All kidding aside, the TFSA will become a cornerstone of my family's retirement strategy. My wife and I will maximize contributions every year and we have selected RioCan REIT as our investment of choice for the time being. We both have defined benefit pensions, so very little RRSP room. Every January, we will plop down $10K in total and watch the dividends roll in. I actually wrote the cheques this afternoon and will drop them in the mail on January 1st. Eventually, this will become a nice stream of tax-free income. It could be the difference between regular retirement at 55 or early retirement at 50 or 51... sweet! A very good tool for the already well-off who know how to use it best (hint: it's NOT an ING account at 1.2% interest...)


----------



## Ben (Apr 3, 2009)

DrStan said:


> I am very encouraged to learn that RRSPs and TFSAs have a relatively low rate of participation amongst taxpayers. Imagine if everyone was able to fully utilize these tools... the government would have no choice but to change the rules at some point to replenish its tax coffers. So please, stay away!

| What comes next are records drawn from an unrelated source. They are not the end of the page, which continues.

(* Let $\phi\colon\mathbb{R}\to\mathbb{R}$ be an increasing homeomorphism with $\phi(0)=0$, let $f\colon\mathbb{R}\to\mathbb{R}$ be continuous, and let $h\colon[0,T]\times\mathbb{R}\to\mathbb{R}$ be a Carathéodory function satisfying: $(A_0)$ for all $t_0\in[0,T]$, $u_0\in\mathbb{R}$ and $\varepsilon>0$ there exists $\delta>0$ such that if $|t-t_0|<\delta$ and $|u-u_0|<\delta$ then $|h(t,u)-h(t,u_0)|<\varepsilon$ for a.e. $t$. Let $a>0$ and $\alpha\in\mathfrak{D}$ be such that $$(\phi(\alpha'(t)))'+f(\alpha(t))\alpha'(t)+h(t,\alpha(t))\ge a\quad\text{for a.e. }t\in[0,T].$$ Then $\alpha$ is a strict lower solution to $(\phi(u'))'+f(u)u'+h(t,u)=0$.
   Context: $\mathcal{C}^1_T=\{u\in\mathcal{C}^1([0,T]):u(0)=u(T),\,u'(0)=u'(T)\}$ and $\mathfrak{D}=\{u\in\mathcal{C}^1_T:\phi(u')\text{ is absolutely continuous}\}$. A $T$-periodic solution of $(\phi(u'))'+f(u)u'+h(t,u)=0$ is a $u\in\mathfrak{D}$ satisfying the equation a.e. A function $\alpha\in\mathfrak{D}$ is a strict lower solution of this equation if $(\phi(\alpha'))'+f(\alpha)\alpha'+h(t,\alpha)>0$ for a.e. $t\in[0,T]$ and, whenever $u$ is a $T$-periodic solution with $u(t)\ge\alpha(t)$ for all $t\in[0,T]$, then $u(t)>\alpha(t)$ for all $t\in[0,T]$. A Carathéodory function is measurable in $t$, continuous in $u$, and for each $r>0$ bounded in absolute value on $[0,T]\times[-r,r]$ by an $L^1$ function of $t$. *)

From HB Require Import structures.
From mathcomp Require Import all_boot all_order all_algebra.
From mathcomp Require Import all_classical all_reals all_analysis.
Set Implicit Arguments. Unset Strict Implicit. Unset Printing Implicit Defensive.
Import Order.TTheory GRing.Theory Num.Theory.
Import numFieldNormedType.Exports.
Local Open Scope classical_set_scope.
Local Open Scope ring_scope.

Section Defs.
Variable R : realType.

Definition abs_cont_on (a b : R) (g : R -> R) : Prop :=
  forall e : R, 0 < e -> exists2 d : R, 0 < d &
    forall (n : nat) (l r : 'I_n -> R),
      (forall i, a <= l i /\ l i <= r i /\ r i <= b) ->
      (forall i j, i != j -> r i <= l j \/ r j <= l i) ->
      \sum_(i < n) (r i - l i) < d ->
      \sum_(i < n) `|g (r i) - g (l i)| < e.

Definition C1_on (T : R) (u du : R -> R) : Prop :=
  {within `[0, T], continuous du} /\
  forall t, 0 <= t <= T ->
    (fun s => (u s - u t) / (s - t)) @ within [set s | 0 <= s <= T /\ s != t] (nbhs t)
      --> du t.

Definition C1_T (T : R) (u du : R -> R) : Prop :=
  C1_on T u du /\ u 0 = u T /\ du 0 = du T.

Definition in_D (phi : R -> R) (T : R) (u du : R -> R) : Prop :=
  C1_T T u du /\ abs_cont_on 0 T (phi \o du).

(* the differential operator evaluated at t (meaningful where phi(u') is derivable) *)
Definition Lop (phi f : R -> R) (h : R -> R -> R) (u du : R -> R) (t : R) : R :=
  derive1 (phi \o du) t + f (u t) * du t + h t (u t).

Definition periodic_solution (phi f : R -> R) (h : R -> R -> R) (T : R)
  (u du : R -> R) : Prop :=
  in_D phi T u du /\
  {ae (@lebesgue_measure R), forall t, 0 <= t <= T ->
     derivable (phi \o du) t 1 /\ Lop phi f h u du t = 0}.

Definition strict_lower_solution (phi f : R -> R) (h : R -> R -> R) (T : R)
  (alpha dalpha : R -> R) : Prop :=
  in_D phi T alpha dalpha /\
  {ae (@lebesgue_measure R), forall t, 0 <= t <= T ->
     derivable (phi \o dalpha) t 1 /\ 0 < Lop phi f h alpha dalpha t} /\
  (forall u du, periodic_solution phi f h T u du ->
     (forall t, 0 <= t <= T -> alpha t <= u t) ->
     (forall t, 0 <= t <= T -> alpha t < u t)).

Definition increasing_homeo_fix0 (phi : R -> R) : Prop :=
  (forall x y, x < y -> phi x < phi y) /\ continuous phi /\
  (exists psi : R -> R, cancel phi psi /\ cancel psi phi /\ continuous psi) /\
  phi 0 = 0.

Definition caratheodory (T : R) (h : R -> R -> R) : Prop :=
  (forall u, measurable_fun `[0, T] (fun t => h t u)) /\
  (forall t, 0 <= t <= T -> continuous (h t)) /\
  (forall r : R, 0 < r -> exists g : R -> R,
     (@lebesgue_measure R).-integrable `[0, T] (EFin \o g) /\
     forall t u, 0 <= t <= T -> `|u| <= r -> `|h t u| <= g t).

Definition condA0 (T : R) (h : R -> R -> R) : Prop :=
  forall t0 u0 e : R, 0 <= t0 <= T -> 0 < e -> exists2 d : R, 0 < d &
    {ae (@lebesgue_measure R), forall t, 0 <= t <= T -> `|t - t0| < d ->
       forall u, `|u - u0| < d -> `|h t u - h t u0| < e}.

End Defs.

From HB Require Import structures.
From mathcomp Require Import all_boot all_order all_algebra.
From mathcomp Require Import all_classical all_reals all_analysis.
From mathcomp Require Import ring lra measurable_realfun.
Import Order.TTheory GRing.Theory Num.Theory.
Import numFieldNormedType.Exports.
Local Open Scope classical_set_scope.
Local Open Scope ring_scope.

(* Suppose a periodic solution u >= alpha touches alpha.  Then w = u - alpha >= 0
   has a zero t1 in [0, T) with w'(t1) = 0 (by periodicity if the zero is at an
   endpoint).  Near t1 the terms f(u)u' and f(alpha)alpha' are close, and by (A0)
   so are h(t, u(t)) and h(t, alpha(t)); hence
   (phi(u'))' - (phi(alpha'))' <= -a/2 a.e. on some [t1, t1 + dl].  As
   phi(u') - phi(alpha') is absolutely continuous and vanishes at t1, it is
   negative on ]t1, t1 + dl], so u' < alpha' there and w strictly decreases from
   its zero t1, contradicting w >= 0.

   The one non-elementary ingredient is that an absolutely continuous g with
   g' <= m a.e. on [c, d] satisfies g d - g c <= m (d - c).  Cover the
   exceptional null set by an open set U of small measure; a real induction over
   [c, d] bounds the excess g x - g c - (m + e)(x - c) by the excesses of g over
   finitely many non-overlapping subintervals lying in U, which absolute
   continuity makes small. *)

(* The generic hint for [Filter (almost_everywhere _)] fails to infer the
   measure structure of [lebesgue_measure]. *)
#[local] Instance lebesgue_ae_filter (R : realType) :
  Filter (nbhs (almost_everywhere (@lebesgue_measure R))) := ae_filter_ringOfSetsType _.

Section real_facts.
Context {R : realType}.
Implicit Types (a b c d e p x y z D : R).

Lemma exists_pos_lt2 {a b} : 0 < a -> 0 < b -> exists2 c, 0 < c & c < a /\ c < b.
Proof.
move=> a0 b0; have m0 : 0 < Num.min a b by rewrite lt_min a0 b0.
have [ma mb] : Num.min a b <= a /\ Num.min a b <= b by rewrite !ge_min !lexx orbT.
by exists (Num.min a b / 2); lra.
Qed.

Lemma le_of_forall_le_addM {x y} c : 0 <= c ->
  (forall e, 0 < e -> x <= y + e * c) -> x <= y.
Proof.
move=> c0 H; apply/ler_addgt0Pr => e e0.
have c1 : 0 < c + 1 by lra.
apply: (le_trans (H _ (divr_gt0 e0 c1))); rewrite lerD2l mulrAC ler_pdivrMr //.
by rewrite ler_pM2l //; lra.
Qed.

Lemma difference_quotient_approx p z D e :
  z != 0 -> `|p / z - D| < e -> `|p - D * z| <= e * `|z|.
Proof.
move=> z0 H; have -> : p - D * z = (p / z - D) * z by rewrite mulrBl divfK.
by rewrite normrM ler_pM2r ?normr_gt0 // ltW.
Qed.

Lemma real_induction {c d} {P : R -> Prop} : c <= d ->
  (forall x, c <= x <= d -> (forall y, c <= y < x -> P y) -> P x) ->
  (forall x, c <= x < d -> (forall y, c <= y <= x -> P y) ->
     exists2 eta, 0 < eta & forall y, x < y < x + eta -> y <= d -> P y) ->
  forall x, c <= x <= d -> P x.
Proof.
move=> cd left right.
pose S := [set x | c <= x <= d /\ forall y, c <= y <= x -> P y].
have Pc : P c.
  by apply: left => [|y /andP[? ?]]; [apply/andP; lra | exfalso; lra].
have Sc : S c.
  by split => [|y /andP[? ?]]; [apply/andP; lra | have -> : y = c by lra].
have hS : has_sup S by split; [exists c | exists d => x [/andP[]]].
set s := sup S.
have s_ub : ubound S s := sup_upper_bound hS.
have cs : c <= s := s_ub c Sc.
have sd : s <= d by apply: ge_sup; [exists c | move=> x [/andP[]]].
have below_s y : c <= y < s -> P y.
  move=> /andP[cy ys]; have [z [_ Pz] yz] := sup_adherent (ltac:(lra) : 0 < s - y) hS.
  by apply: Pz; apply/andP; split => //; rewrite -/s in yz; lra.
have upto_s y : c <= y <= s -> P y.
  move=> /andP[cy]; rewrite le_eqVlt => /orP[/eqP -> | ys].
    by apply: left => //; apply/andP.
  by apply: below_s; apply/andP.
have -> : d = s.
  apply/eqP; rewrite eq_le sd andbT leNgt; apply/negP => lt_sd.
  have [eta eta0 Heta] := right s (introT andP (conj cs lt_sd)) upto_s.
  have [r r0 [reta rd]] := exists_pos_lt2 eta0 (ltac:(lra) : 0 < d - s).
  suff /s_ub : S (s + r) by lra.
  split => [|y /andP[cy yr]]; first by apply/andP; lra.
  have [ys|sy] := leP y s; first by apply: upto_s; apply/andP.
  by apply: Heta; [apply/andP | ]; lra.
exact: upto_s.
Qed.

End real_facts.

Section derivative_within.
Context {R : realType}.
Implicit Types (A : set R) (c d e x D T t : R) (g w u du : R -> R).

(* Derivative relative to [A] in first-order-approximation form; at an endpoint
   of an interval [A] it is the one-sided derivative that [C1_on] provides. *)
Definition is_derive_within (A : set R) w x D :=
  forall e, 0 < e -> exists2 d, 0 < d &
    forall y, A y -> `|y - x| < d -> `|w y - w x - D * (y - x)| <= e * `|y - x|.

Lemma is_derive_withinS {A B : set R} {w x D} :
  B `<=` A -> is_derive_within A w x D -> is_derive_within B w x D.
Proof.
move=> BA H e /H [d d0 Hd]; exists d => // y /BA; exact: Hd.
Qed.

Lemma is_derive_withinB {A : set R} {g w x Dg Dw} :
  is_derive_within A g x Dg -> is_derive_within A w x Dw ->
  is_derive_within A (fun t => g t - w t) x (Dg - Dw).
Proof.
move=> Hg Hw e e0.
have [d1 d10 H1] := Hg (e / 2) ltac:(lra).
have [d2 d20 H2] := Hw (e / 2) ltac:(lra).
have [d d0 [dd1 dd2]] := exists_pos_lt2 d10 d20.
exists d => // y Ay yd.
have -> : g y - w y - (g x - w x) - (Dg - Dw) * (y - x) =
    (g y - g x - Dg * (y - x)) - (w y - w x - Dw * (y - x)) by ring.
apply: (le_trans (ler_normB _ _)).
have := H1 y Ay ltac:(lra); have := H2 y Ay ltac:(lra); lra.
Qed.

Lemma C1_on_is_derive_within {T u du t} : C1_on T u du -> 0 <= t <= T ->
  is_derive_within [set s | 0 <= s <= T] u t (du t).
Proof.
move=> [_ /(_ t) Hq] tT e e0.
move: (Hq tT) => /cvgrPdist_lt/(_ e e0); rewrite /within /= => /nbhs_ballP [d d0 Hd].
exists d => // y yT yd.
have [->|yt] := eqVneq y t; first by rewrite !subrr mulr0 subr0 normr0 mulr0.
apply: difference_quotient_approx; first by rewrite subr_eq0.
rewrite distrC; apply: Hd; last by split.
by rewrite /ball /= distrC.
Qed.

It is almost too good to be true, isn't it? If everyone gets a whiff of this, then the rules would have to change again.


----------



## Smac20 (Sep 7, 2009)

Not to try and tout my own blog but I wrote an article on which tax sheltering account, TFSA or RRSP, is best to use and how to choose: 

http://investingincanada.info/2009/11/rrsp-vs-tfsa-which-investment-account-to-use.html


----------



## Dr_V (Oct 27, 2009)

Smac20 said:


> Not to try and tout my own blog but I wrote an article on which tax sheltering account, TFSA or RRSP, is best to use and how to choose:


Not sure that the algorithm that you advocate, in your article, for deciding between RRSP and TFSA is necessarily correct from a numerical standpoint, since you've left out the details of the numbers. 

I found the following online calculator to be a bit more comprehensive:

http://www.taxtips.ca/calculators/tfsavsrrspcalculator.htm

Of course, that calculator doesn't account for "soft" factors, like weighing the benefits of a TFSA vs. RRSP for emergency funds.

K.


----------



## Cal (Jun 17, 2009)

Yes.

But the gov't holds the right to change the rules of the game at any point.


----------



## ssimps (Dec 8, 2009)

AdamW said:


> You've got it.
> 
> Any money you put into, *or earn*, in the TFSA can be withdrawn at anytime completely tax free.
> 
> The other huge advantage is that you can put back whatever you withdraw.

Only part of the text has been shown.